Low trading volumes are the bane of traders' lives and, for Tullett Prebon (TLPR), it is volatility that drives trades. While market volatility has recently picked up, the effect of low volatility was very evident in Tullett's interim results and the impact on profits was compounded by ongoing increases in regulatory costs. So after adjusting for exceptional items, profits in the first half fell 5 per cent to £62.8m.

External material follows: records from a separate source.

Definition shrink (I : list (R * R)) : list (R * R) :=
  map (fun p => (fst p + margin p, snd p - margin p)) I.

Lemma shrink_separated I : open_separated I -> separated (shrink I).
Proof.
  induction I as [|p I IH]; intros [Hlt Hsort]; [split; constructor|].
  inversion Hlt as [|? ? Hp Hlt']; inversion Hsort as [|? ? Hsort' Hright]; subst.
  destruct (IH (conj Hlt' Hsort')) as [Hok Hs].
  pose proof (margin_pos p Hp); pose proof (margin_le p).
  split; constructor; auto; simpl; try lra.
  apply Forall_forall. intros q Hq. apply in_map_iff in Hq as [q' [<- Hq']]. simpl.
  pose proof (proj1 (Forall_forall _ _) Hright q' Hq').
  pose proof (margin_pos q' (proj1 (Forall_forall _ _) Hlt' q' Hq')). lra.
Qed.

Lemma shrink_length I : open_separated I ->
  total_length I - 2 * d * INR (length I) <= total_length (shrink I).
Proof.
  intros [Hlt _]. induction Hlt as [|p I Hp _ IH]; [simpl; lra|].
  pose proof (margin_le p).
  replace (INR (length (p :: I))) with (INR (length I) + 1) by (cbn [length]; rewrite S_INR; ring).
  simpl in *. lra.
Qed.

Lemma in_shrink I q x : Forall (fun p => fst p < snd p) I -> In q (shrink I) ->
  fst q <= x <= snd q -> exists p, In p I /\ fst p < x < snd p.
Proof.
  intros Hlt Hq Hx. apply in_map_iff in Hq as [p [<- Hp]]. exists p; split; auto.
  pose proof (margin_pos p (proj1 (Forall_forall _ _) Hlt p Hp)). simpl in Hx. lra.
Qed.

End Shrink.

Lemma lebesgue_volume_open_intervals (S : pt -> Prop) I F : open_separated I ->
  (forall p x, In p I -> fst p < x 0%nat < snd p -> S x) ->
  (forall x, S x -> In (x 0%nat) F \/ in_intervals I (x 0%nat)) ->
  lebesgue_volume 1 S (total_length I).
Proof.
  intros HI Hin Hout.
  assert (Hcov : cover_sum 1 S (total_length I)).
  { set (L := I ++ map (fun z => (z, z)) F).
    assert (Hpoints : total_length (map (fun z => (z, z)) F) = 0)
      by (clear; induction F as [|z F IH]; simpl in *; lra).
    replace (total_length I) with (total_length L)
      by (unfold L; rewrite total_length_app, Hpoints; lra).
    apply cover_sum_finite.
    - apply Forall_app; split.
      + eapply Forall_impl; [|apply HI]. intros; lra.
      + apply Forall_forall. intros p Hp. apply in_map_iff in Hp as [z [<- _]]. simpl; lra.
    - intros x Hx. destruct (Hout x Hx) as [HF|[p [Hp Hpx]]].
      + exists (x 0%nat, x 0%nat). split; [|simpl; lra].
        apply in_or_app; right. apply in_map with (f := fun z => (z, z)); auto.
      + exists p. split; auto. apply in_or_app; auto. }
  split; [eauto | split; [|intros w Hw; apply Hw; auto]].
  intros s Hs. apply Rle_plus_epsilon. intros e He.
  pose proof (pos_INR (length I)).
  set (d := e / (2 * INR (length I) + 1)).
  assert (Hd : 0 < d) by (unfold d; apply Rdiv_lt_0_compat; lra).
  assert (Hde : 2 * d * INR (length I) <= e).
  { unfold d. apply (Rmult_le_reg_r (2 * INR (length I) + 1)); [lra|].
    field_simplify; [nra | lra]. }
  pose proof (shrink_length d I HI).
  enough (total_length (shrink d I) <= s) by lra.
  apply (cover_sum_ge_separated S); auto using shrink_separated.
  intros q x Hq Hx. destruct (in_shrink d Hd I q x (proj1 HI) Hq Hx) as [p [Hp Hpx]].
  apply (Hin p); auto.
Qed.

Lemma cover_sum_not_long (S : pt -> Prop) s a : cover_sum 1 S s ->
  ~ (forall x, a <= x <= a + Rabs s + 1 -> S (fun _ => x)).
Proof.
  intros Hc HS. pose proof (Rle_abs s). pose proof (Rabs_pos s).
  pose proof (cover_sum_ge_interval S s a (a + Rabs s + 1) Hc ltac:(lra) HS). lra.
Qed.

Lemma sorted_enumeration (Z : list R) :
  exists zs, StronglySorted Rlt zs /\ forall w, In w zs <-> In w Z.
Proof.
  induction Z as [|a Z [zs [Hs Hin]]]; [exists nil; split; [constructor | tauto]|].
  enough (exists zs', StronglySorted Rlt zs' /\ forall w, In w zs' <-> a = w \/ In w zs)
    as [zs' [Hs' Hin']] by (exists zs'; split; auto; intro w; rewrite Hin', Hin; simpl; tauto).
  clear Hin. induction Hs as [|z zs Hs IH Hz].
  - exists (a :: nil). split; [repeat constructor | simpl; tauto].
  - destruct (Rtotal_order a z) as [Hl|[<-|Hg]].
    + exists (a :: z :: zs). split; [|simpl; tauto].
      repeat constructor; auto. apply Forall_forall. intros y Hy.
      pose proof (proj1 (Forall_forall _ _) Hz y Hy). lra.
    + exists (a :: zs). split; [constructor; auto | simpl; tauto].
    + destruct IH as [zs' [Hs' Hin']]. exists (z :: zs'). split.
      * constructor; auto. apply Forall_forall. intros y Hy.
        apply Hin' in Hy as [<-|Hy]; auto. exact (proj1 (Forall_forall _ _) Hz y Hy).
      * intro w; simpl; rewrite Hin'; tauto.
Qed.

Lemma lebesgue_volume_unique n S v1 v2 :
  lebesgue_volume n S v1 -> lebesgue_volume n S v2 -> v1 = v2.
Proof. intros [_ [H1 H1']] [_ [H2 H2']]. apply Rle_antisym; auto. Qed.

Section LocallyConstant.
Variable T : R -> Prop.
Variable Z : list R.
Hypothesis T_const : forall x y, x < y -> (forall w, In w Z -> ~ x <= w <= y) -> (T x <-> T y).

Lemma T_const_between z z' : (forall w, In w Z -> w <= z \/ z' <= w) ->
  forall x y, z < x < z' -> z < y < z' -> (T x <-> T y).
Proof.
  intros Hgap x y Hx Hy.
  destruct (Rtotal_order x y) as [Hxy|[<-|Hxy]]; [| tauto | symmetry];
    apply T_const; auto; intros w Hw Hw'; destruct (Hgap w Hw); lra.
Qed.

Over the half-year, revenue fell or was flat in five of Tullett's six product areas. Fixed-income trading, which accounted for 28 per cent of first-half revenue, was hardest hit, reporting a 7 per cent drop. It had to cope with lower sales of credit products in Europe and lower demand from banks for corporate bonds. In Treasury products - 26 per cent of revenues - the 6 per cent sales fall was largely due to lack of demand for counterparty services to deal in non-convertible currencies such as the renminbi. Once again, though, a thirst for data increased information sales, which rose 5 per cent to £24.5m - 5.6 per cent of revenues.
But every cloud has a silver lining. In Tullett's case this was not having to pay big bonuses, which led to a dramatic improvement in cash flow, turning last year's £45.9m net outflow into a £19.1m net inflow. In the short term, Tullett is expanding by opening new offices around the world.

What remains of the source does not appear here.